The cost drives insurer scrutiny. At approximately $1,825 per month for 12 injections, a complete course totals roughly $21,900 before any rebate or discount. Anthem and most large commercial insurers classify romosozumab as a specialty-tier drug, which triggers mandatory prior authorization review. The FDA label itself restricts use to patients with high or very high fracture risk, giving payers a textual basis to require clinical documentation before approving claims 1.

The ARCH trial (N=4,093) published in the New England Journal of Medicine demonstrated that 12 months of romosozumab 210 mg monthly followed by alendronate produced a 48% reduction in new vertebral fractures compared with alendronate alone at 24 months 2. Critically, the ARCH trial also showed a statistically significant increase in cardiovascular events (myocardial infarction and stroke) in the romosozumab arm, which is why the FDA added a boxed warning and why Anthem's PA criteria frequently include a documented cardiovascular risk assessment 2.

An earlier phase 3 trial, FRAME (N=7,180), compared romosozumab 210 mg monthly versus placebo and found a 73% reduction in new vertebral fractures at 12 months (P<0.001) 3. These two datasets form the clinical backbone of every insurer's PA criteria.

Anthem's Prior Authorization Criteria for Evenity (Romosozumab)

Anthem approves romosozumab when the prescribing clinician documents a defined set of clinical criteria. Meeting all of them on the first submission is the fastest path to approval.

Anthem's standard commercial PA checklist for romosozumab typically includes:

Diagnosis requirement. The patient must carry a confirmed diagnosis of postmenopausal osteoporosis with high fracture risk. Anthem generally defines high risk as a T-score at or below negative 2.5 at the lumbar spine or femoral neck on dual-energy X-ray absorptiometry (DXA), with at least one of the following: a prior low-trauma vertebral or hip fracture, a FRAX 10-year major osteoporotic fracture probability at or above 20%, or a FRAX hip fracture probability at or above 3% 4. The American Association of Clinical Endocrinology 2020 guidelines define very high fracture risk as a T-score at or below negative 3.0, multiple vertebral fractures, or fracture while on approved osteoporosis therapy 5.

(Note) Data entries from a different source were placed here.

Lemma polydE p : polyd d p = horner_alg d p.
Proof.
rewrite /horner_alg /horner_morph horner_coef /polyd size_map_poly.
by apply: eq_bigr => i _; rewrite coef_map /= mulr_algl.
Qed.

Lemma polyd0 : polyd d 0 = 0. Proof. by rewrite polydE rmorph0. Qed.
Lemma polyd1 : polyd d 1 = 1. Proof. by rewrite polydE rmorph1. Qed.
Lemma polydD p q : polyd d (p + q) = polyd d p + polyd d q.
Proof. by rewrite !polydE rmorphD. Qed.
Lemma polydB p q : polyd d (p - q) = polyd d p - polyd d q.
Proof. by rewrite !polydE rmorphB. Qed.
Lemma polydM p q : polyd d (p * q) = polyd d p * polyd d q.
Proof. by rewrite !polydE rmorphM. Qed.
Lemma polydC c : polyd d c%:P = c%:A.
Proof. by rewrite polydE horner_algC. Qed.
Lemma polydZ c p : polyd d (c *: p) = c *: polyd d p.
Proof. by rewrite -mul_polyC polydM polydC mulr_algl. Qed.
Lemma polydX : polyd d 'X = d.
Proof. by rewrite polydE horner_algX. Qed.
Lemma polydXn j : polyd d 'X^j = d ^+ j.
Proof. by rewrite polydE rmorphXn /= horner_algX. Qed.

Lemma polyd_comm p q : polyd d p * polyd d q = polyd d q * polyd d p.
Proof. by rewrite -!polydM mulrC. Qed.

Lemma kd_polyd p : kd d (polyd d p).
Proof. by exists p, 1; rewrite oner_neq0 polyd1 invr1 mulr1. Qed.

Definition ad (x : Q) := d * x - x * d.

Fact ad_is_linear : linear ad.
Proof.
move=> c x y; rewrite /ad mulrDr mulrDl opprD addrACA.
by rewrite -!scalerAr -!scalerAl scalerBr.
Qed.
HB.instance Definition _ := GRing.isLinear.Build k Q Q *:%R ad ad_is_linear.

Definition adn n := iter n ad.

Lemma adnS n x : adn n.+1 x = ad (adn n x).
Proof. by []. Qed.

Lemma adnSr n x : adn n.+1 x = adn n (ad x).
Proof. by rewrite /adn iterSr. Qed.

Fact adn_is_linear n : linear (adn n).
Proof. by elim: n => [|n IH] c x y //; rewrite !adnSr linearP IH. Qed.
HB.instance Definition _ n :=
  GRing.isLinear.Build k Q Q *:%R (adn n) (adn_is_linear n).

Lemma adn0 n : adn n 0 = 0. Proof. exact: raddf0. Qed.
Lemma adnD n x y : adn n (x + y) = adn n x + adn n y. Proof. exact: raddfD. Qed.
Lemma adnB n x y : adn n (x - y) = adn n x - adn n y. Proof. exact: raddfB. Qed.
Lemma adn_sum n m (F : 'I_m -> Q) :
  adn n (\sum_(i < m) F i) = \sum_(i < m) adn n (F i).
Proof. exact: raddf_sum. Qed.

Lemma adn_addn n m x : adn (n + m) x = adn n (adn m x).
Proof. exact: iterD. Qed.

Lemma adn_eq0_leq n m x : adn n x = 0 -> (n <= m)%N -> adn m x = 0.
Proof. by move=> adx_eq0 /subnK <-; rewrite adn_addn adx_eq0 adn0. Qed.

Lemma adM x y : ad (x * y) = ad x * y + x * ad y.
Proof. by rewrite /ad mulrBl mulrBr !mulrA addrA subrK. Qed.

Lemma adn_mull n c y : ad c = 0 -> adn n (c * y) = c * adn n y.
Proof. by move=> adc0; elim: n => // n IH; rewrite !adnS IH adM adc0 mul0r add0r. Qed.

Lemma adn_mulr n c y : ad c = 0 -> adn n (y * c) = adn n y * c.
Proof. by move=> adc0; elim: n => // n IH; rewrite !adnS IH adM adc0 mulr0 addr0. Qed.

Lemma ad_polyd p : ad (polyd d p) = 0.
Proof. by rewrite /ad -[X in X * _]polydX polyd_comm polydX subrr. Qed.

Lemma ad_inv x : ad x = 0 -> ad x^-1 = 0.
Proof.
move/eqP; rewrite subr_eq0 => /eqP dx_xd; have [ux|nux] := boolP (x \is a GRing.unit).
  by apply/eqP; rewrite subr_eq0 -{1}(mulKr ux d) -dx_xd -!mulrA mulrV ?mulr1.
by rewrite /ad (invr_out nux) dx_xd subrr.
Qed.

Lemma ad_kd r : kd d r -> ad r = 0.
Proof.
by move=> [p [q [_ ->]]]; rewrite adM ad_inv !ad_polyd ?mul0r ?mulr0 ?addr0.
Qed.
(* Assume $M$ is projective in $\sigma[M]$ and let $X\in\sigma[M]$. Then for every submodule $Y$ of $X$, either $\sqrt[M]{Y}=X$ or $\sqrt[M]{Y}$ is an $M$-semiprime submodule of $X$.
   Context: $R$ is a ring with identity, modules are unital left $R$-modules, $M$ is a fixed left $R$-module; $\sigma[M]$ is the full subcategory of $R$-modules isomorphic to submodules of $M$-generated modules. For $N\le M$ and a module $X$, $N\cdot X$ is the intersection of the kernels of all homomorphisms $X\to W$ where $W$ ranges over modules with $f(N)=0$ for all $f\in\mathrm{Hom}_R(M,W)$ (for $Z\le X$, $N\cdot Z$ is formed regarding $Z$ as a module); $N^2:=N\cdot N$. A proper submodule $P$ of $X$ is $M$-prime if for all $N\le M$, $Z\le X$, $N\cdot Z\subseteq P$ implies $N\cdot X\subseteq P$ or $Z\subseteq P$; it is $M$-semiprime if $N^2\cdot Z\subseteq P$ implies $N\cdot Z\subseteq P$ for all $N\le M$, $Z\le X$. A nonempty $S\subseteq X\setminus\{0\}$ is an $M$-$m$-system if for every $N\le M$ and all $Y,Z\le X$: $(Y+Z)\cap S\neq\emptyset$ and $(Y+N\cdot X)\cap S\neq\emptyset$ imply $(Y+N\cdot Z)\cap S\neq\emptyset$. For $Y\le X$: if some $M$-prime submodule of $X$ contains $Y$, $\sqrt[M]{Y}:=\{x\in X:$ every $M$-$m$-system containing $x$ meets $Y\}$; otherwise $\sqrt[M]{Y}:=X$. *)

(* Left R-modules are [lmodType R] over [R : pzRingType]
   (a ring with identity).  Submodules are represented as predicates
   [V -> Prop] closed under the module operations. *)
From HB Require Import structures.
From mathcomp Require Import all_boot all_algebra.
Set Implicit Arguments. Unset Strict Implicit. Unset Printing Implicit Defensive.
Import GRing.Theory.
Local Open Scope ring_scope.

Section ModDefs.
Variable R : pzRingType.

Definition submod (V : lmodType R) (N : V -> Prop) : Prop :=
  N 0 /\ forall (a : R) (x y : V), N x -> N y -> N (a *: x + y).

Definition subp (V : lmodType R) (A B : V -> Prop) : Prop :=
  forall x, A x -> B x.

Definition fullp (V : lmodType R) : V -> Prop := fun _ => True.

Definition is_hom (V W : lmodType R) (f : V -> W) : Prop :=
  forall (a : R) (x y : V), f (a *: x + y) = a *: f x + f y.

(* a homomorphism Z -> W, for a submodule Z of V, represented by any
   function V -> W whose restriction to Z is R-linear *)
Definition hom_on (V W : lmodType R) (Z : V -> Prop) (g : V -> W) : Prop :=
  forall (a : R) (x y : V), Z x -> Z y -> g (a *: x + y) = a *: g x + g y.

Definition annih (M : lmodType R) (N : M -> Prop) (W : lmodType R) : Prop :=
  forall f : M -> W, is_hom f -> forall m, N m -> f m = 0.

(* N . Z : intersection of the kernels of all homomorphisms Z -> W with
   W annihilated by N (Z regarded as a module) *)
Definition dotp (M X : lmodType R) (N : M -> Prop) (Z : X -> Prop) : X -> Prop :=
  fun x => Z x /\
    forall (W : lmodType R) (g : X -> W), hom_on Z g -> annih N W -> g x = 0.

Definition sqp (M : lmodType R) (N : M -> Prop) : M -> Prop := dotp N N.

(* Y is M-generated: Y is generated by the images of all f in Hom(M, Y)
   (i.e. Y = Tr(M, Y), equivalently Y is an epimorphic image of M^(Lambda)) *)
Definition Mgenerated (M Y : lmodType R) : Prop :=
  forall T : Y -> Prop, submod T ->
    (forall f : M -> Y, is_hom f -> forall m, T (f m)) -> forall y, T y.

Definition in_sigma (M X : lmodType R) : Prop :=
  exists (Y : lmodType R) (f : X -> Y),
    [/\ is_hom f, injective f & Mgenerated M Y].

Definition projective_in_sigma (M : lmodType R) : Prop :=
  forall A B : lmodType R, in_sigma M A -> in_sigma M B ->
  forall g : A -> B, is_hom g -> (forall b, exists a, g a = b) ->
  forall h : M -> B, is_hom h ->
  exists f : M -> A, is_hom f /\ forall m, g (f m) = h m.

Definition sump (X : lmodType R) (A B : X -> Prop) : X -> Prop :=
  fun x => exists y z, [/\ A y, B z & x = y + z].

Definition meets (X : lmodType R) (A B : X -> Prop) : Prop :=
  exists x, A x /\ B x.

Definition proper (X : lmodType R) (P : X -> Prop) : Prop :=
  exists x, ~ P x.

Definition Mprime (M X : lmodType R) (P : X -> Prop) : Prop :=
  [/\ submod P, proper P &
    forall (N : M -> Prop) (Z : X -> Prop), submod N -> submod Z ->
      subp (dotp N Z) P -> subp (dotp N (@fullp X)) P \/ subp Z P].

Definition Msemiprime (M X : lmodType R) (P : X -> Prop) : Prop :=
  [/\ submod P, proper P &
    forall (N : M -> Prop) (Z : X -> Prop), submod N -> submod Z ->
      subp (dotp (sqp N) Z) P -> subp (dotp N Z) P].

Definition m_system (M X : lmodType R) (S : X -> Prop) : Prop :=
  [/\ exists x, S x,
      forall x, S x -> x <> 0 &
      forall (N : M -> Prop) (Y Z : X -> Prop), submod N -> submod Y -> submod Z ->
        meets (sump Y Z) S -> meets (sump Y (dotp N (@fullp X))) S ->
        meets (sump Y (dotp N Z)) S].

Definition Mrad (M X : lmodType R) (Y : X -> Prop) : X -> Prop :=
  fun x =>
    (~ exists P : X -> Prop, Mprime M P /\ subp Y P) \/
    (forall S : X -> Prop, m_system M S -> S x -> meets S Y).

End ModDefs.

From HB Require Import structures.
From mathcomp Require Import all_boot all_algebra.
From mathcomp Require Import boolp classical_sets functions.
Set Implicit Arguments. Unset Strict Implicit. Unset Printing Implicit Defensive.
Import GRing.Theory.
Local Open Scope ring_scope.

(* If no M-prime submodule contains Y the radical is X by definition.
   Otherwise it is the intersection of the M-primes containing Y
   ([Mrad_cap_primes]): complements of M-primes are M-m-systems, and by Zorn's
   lemma a submodule maximal among those containing Y and avoiding an
   m-system is M-prime.  An intersection of M-primes is M-semiprime as soon as
   every M-prime satisfies the semiprime condition ([prime_semiprime]); by
   primality this reduces to the inclusion N . (N . X) <= N^2 . X
   ([dotp_dotp_sub_sqp]).  Projectivity enters there twice: N . V lies in the
   trace of N in V for every V in sigma[M] ([dotp_full_sub_tr], using the
   quotient of V by that trace), and a homomorphism M -> X with values in the
   trace of N lifts along the summation map from the direct sum of copies of
   N indexed by Hom(M, X), so it sends N into N^2 . X ([tr_hom_annih]). *)

Section SubmoduleArith.
Variables (R : pzRingType) (V : lmodType R) (P : V -> Prop).
Hypothesis HP : submod P.

Lemma sm0 : P 0.
Proof. by case: HP. Qed.

Lemma smL a x y : P x -> P y -> P (a *: x + y).
Proof. by case: HP => _; apply. Qed.

Lemma smD x y : P x -> P y -> P (x + y).
Proof. by move=> Px Py; have := smL 1 Px Py; rewrite scale1r. Qed.

Lemma smZ a x : P x -> P (a *: x).
Proof. by move=> Px; have := smL a Px sm0; rewrite addr0. Qed.

Lemma smN x : P x -> P (- x).
Proof. by move=> Px; rewrite -scaleN1r; apply: smZ. Qed.

Lemma smB x y : P x -> P y -> P (x - y).
Proof. by move=> Px Py; apply: smD => //; apply: smN. Qed.

Lemma sm_sum (I : Type) (s : seq I) (F : I -> V) :
  (forall i, P (F i)) -> P (\sum_(i <- s) F i).
Proof.
move=> PF; elim: s => [|i s IH]; first by rewrite big_nil; apply: sm0.
by rewrite big_cons; apply: smD.
Qed.

End SubmoduleArith.

Section HomArith.
Variables (R : pzRingType) (V W : lmodType R) (f : V -> W).
Hypothesis hf : is_hom f.

Lemma hom0 : f 0 = 0.
Proof.
have := hf 1 0 0; rewrite !scale1r addr0 => E.
by apply: (addrI (f 0)); rewrite addr0 -E.
Qed.

Lemma homD x y : f (x + y) = f x + f y.
Proof. by have := hf 1 x y; rewrite !scale1r. Qed.

Lemma homZ a x : f (a *: x) = a *: f x.
Proof. by have := hf a x 0; rewrite hom0 !addr0. Qed.

Lemma homB x y : f (x - y) = f x - f y.
Proof. by rewrite homD -scaleN1r homZ scaleN1r. Qed.

Lemma hom_sum (I : Type) (s : seq I) (F : I -> V) :
  f (\sum_(i <- s) F i) = \sum_(i <- s) f (F i).
Proof.
elim: s => [|i s IH]; first by rewrite !big_nil hom0.
by rewrite !big_cons homD IH.
Qed.

End HomArith.

Lemma hom_comp (R : pzRingType) (U V W : lmodType R) (f : U -> V) (g : V -> W) :
  is_hom f -> is_hom g -> is_hom (fun x => g (f x)).
Proof. by move=> hf hg a x y; rewrite hf hg. Qed.

Lemma hom_full (R : pzRingType) (V W : lmodType R) (f : V -> W) :
  is_hom f <-> hom_on (@fullp R V) f.
Proof. by split=> h a x y; [move=> _ _|]; apply: h. Qed.

Lemma fullp_submod (R : pzRingType) (V : lmodType R) : submod (@fullp R V).
Proof. by []. Qed.

Lemma ker_submod (R : pzRingType) (V W : lmodType R) (f : V -> W) :
  is_hom f -> submod (fun x => f x = 0).
Proof.
move=> hf; split; first exact: hom0.
by move=> a x y fx fy; rewrite hf fx fy scaler0 addr0.
Qed.

Definition submodT (R : pzRingType) (V : lmodType R) (P : V -> Prop) (HP : submod P) :=
  {v : V | P v}.
HB.instance Definition _ R V P HP := gen_eqMixin (@submodT R V P HP).
HB.instance Definition _ R V P HP := gen_choiceMixin (@submodT R V P HP).

Definition incl (R : pzRingType) (V : lmodType R) (P : V -> Prop) (HP : submod P)
  (u : submodT HP) : V := proj1_sig u.

Lemma incl_inj (R : pzRingType) (V : lmodType R) (P : V -> Prop) (HP : submod P) :
  injective (@incl R V P HP).
Proof. by move=> [x px] [y py] /= E; subst y; rewrite (Prop_irrelevance px py). Qed.

Lemma inclP (R : pzRingType) (V : lmodType R) (P : V -> Prop) (HP : submod P)
  (u : submodT HP) : P (incl u).
Proof. exact: proj2_sig u. Qed.

Definition sub_zero R V P (HP : submod P) : @submodT R V P HP := exist _ 0 (sm0 HP).
Definition sub_add R V P (HP : submod P) (u w : @submodT R V P HP) : submodT HP :=
  exist _ (incl u + incl w) (smD HP (inclP u) (inclP w)).
Definition sub_opp R V P (HP : submod P) (u : @submodT R V P HP) : submodT HP :=
  exist _ (- incl u) (smN HP (inclP u)).
Definition sub_scale R V P (HP : submod P) a (u : @submodT R V P HP) : submodT HP :=
  exist _ (a *: incl u) (smZ HP a (inclP u)).

Lemma sub_addA R V P HP : associative (@sub_add R V P HP).
Proof. by move=> x y z; apply: incl_inj; rewrite /= addrA. Qed.
Lemma sub_addC R V P HP : commutative (@sub_add R V P HP).
Proof. by move=> x y; apply: incl_inj; rewrite /= addrC. Qed.
Lemma sub_add0 R V P HP : left_id (@sub_zero R V P HP) (@sub_add R V P HP).
Proof. by move=> x; apply: incl_inj; rewrite /= add0r. Qed.
Lemma sub_addN R V P HP :
  left_inverse (@sub_zero R V P HP) (@sub_opp R V P HP) (@sub_add R V P HP).
Proof. by move=> x; apply: incl_inj; rewrite /= addNr. Qed.

HB.instance Definition _ R V P HP :=
  GRing.isZmodule.Build (@submodT R V P HP) (@sub_addA R V P HP) (@sub_addC R V P HP)
    (@sub_add0 R V P HP) (@sub_addN R V P HP).

Lemma sub_scaleA R V P HP a b (v : @submodT R V P HP) :
  sub_scale a (sub_scale b v) = sub_scale (a * b) v.
Proof. by apply: incl_inj; rewrite /= scalerA. Qed.
Lemma sub_scale1 R V P HP : left_id 1 (@sub_scale R V P HP).
Proof. by move=> x; apply: incl_inj; rewrite /= scale1r. Qed.
Lemma sub_scaleDr R V P HP : right_distributive (@sub_scale R V P HP) +%R.
Proof. by move=> a x y; apply: incl_inj; rewrite /= scalerDr. Qed.
Lemma sub_scaleDl R V P HP (v : @submodT R V P HP) :
  {morph (@sub_scale R V P HP)^~ v : a b / a + b}.
Proof. by move=> a b; apply: incl_inj; rewrite /= scalerDl. Qed.

HB.instance Definition _ R V P HP :=
  GRing.Zmodule_isLmodule.Build R (@submodT R V P HP) (@sub_scaleA R V P HP)
    (@sub_scale1 R V P HP) (@sub_scaleDr R V P HP) (@sub_scaleDl R V P HP).

Lemma incl_hom (R : pzRingType) (V : lmodType R) (P : V -> Prop) (HP : submod P) :
  is_hom (@incl R V P HP).
Proof. by []. Qed.

Definition coset (R : pzRingType) (V : lmodType R) (T : V -> Prop) (v : V) : V -> Prop :=
  fun w => T (w - v).

Definition quotT (R : pzRingType) (V : lmodType R) (T : V -> Prop) (HT : submod T) :=
  {A : V -> Prop | exists v, A = coset T v}.
HB.instance Definition _ R V T HT := gen_eqMixin (@quotT R V T HT).
HB.instance Definition _ R V T HT := gen_choiceMixin (@quotT R V T HT).

Definition qproj (R : pzRingType) (V : lmodType R) (T : V -> Prop) (HT : submod T)
  (v : V) : quotT HT := exist _ (coset T v) (ex_intro _ v erefl).

Lemma qproj_eq (R : pzRingType) (V : lmodType R) (T : V -> Prop) (HT : submod T) v w :
  qproj HT v = qproj HT w <-> T (v - w).
Proof.
split=> [E|Tvw].
  have : coset T v v = coset T w v by rewrite -[coset T v]/(proj1_sig (qproj HT v)) E.
  by rewrite /coset subrr => <-; apply: sm0.
have E : coset T v = coset T w.
  apply: funext => u; apply: propext; rewrite /coset; split => H.
  - by have := smD HT H Tvw; rewrite addrA subrK.
  - by have := smB HT H Tvw; rewrite opprB addrA subrK.
by rewrite /qproj; move: (ex_intro _ v _); rewrite E => p; congr exist.
Qed.

Lemma qproj_surj (R : pzRingType) (V : lmodType R) (T : V -> Prop) (HT : submod T)
  (q : quotT HT) : exists v, q = qproj HT v.
Proof.
case: q => A [v EA]; exists v; subst A; rewrite /qproj.
by congr exist; apply: Prop_irrelevance.
Qed.

Definition qrep (R : pzRingType) (V : lmodType R) (T : V -> Prop) (HT : submod T)
  (q : quotT HT) : V := proj1_sig (cid (qproj_surj q)).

Prescriber specialty. Most Anthem plans require the prescribing physician to be an endocrinologist, rheumatologist, or other specialist experienced in managing osteoporosis. Primary-care prescriptions are sometimes flagged for additional review.

Cardiovascular clearance. Because of the boxed warning, Anthem routinely requests documentation that the prescriber has assessed and documented the patient's cardiovascular risk. Patients with a recent (within the past 12 months) myocardial infarction or stroke are typically excluded under both the FDA label and Anthem's clinical criteria 1.

Prior DXA result. A DXA scan within the past 24 months is typically required. Some plans accept up to 36 months if the patient has a documented fracture event.

Quantity and duration limits. Anthem limits coverage to 12 monthly injections (210 mg subcutaneous per injection), consistent with the approved course in the FDA label 1. Reauthorization for a second course is generally not covered; the clinical evidence base does not support repeated romosozumab cycles, and the American College of Rheumatology agrees that the drug is a one-time sequential therapy 6.

The HealthRX PA Submission Framework for Romosozumab organizes the required documentation into four categories that Anthem reviewers consistently check: fracture risk quantification (T-score plus FRAX), cardiovascular clearance note, prior therapy record with documented inadequate response, and prescriber specialty attestation. Submitting all four in the initial PA packet reduces average approval time from 14 days to approximately 5 business days based on internal case review patterns.

Step Therapy: What Prior Treatments Does Anthem Require?

Step therapy is standard. Anthem generally requires documentation of an adequate trial and failure of at least one prior antiresorptive or anabolic agent before approving romosozumab on a commercial plan.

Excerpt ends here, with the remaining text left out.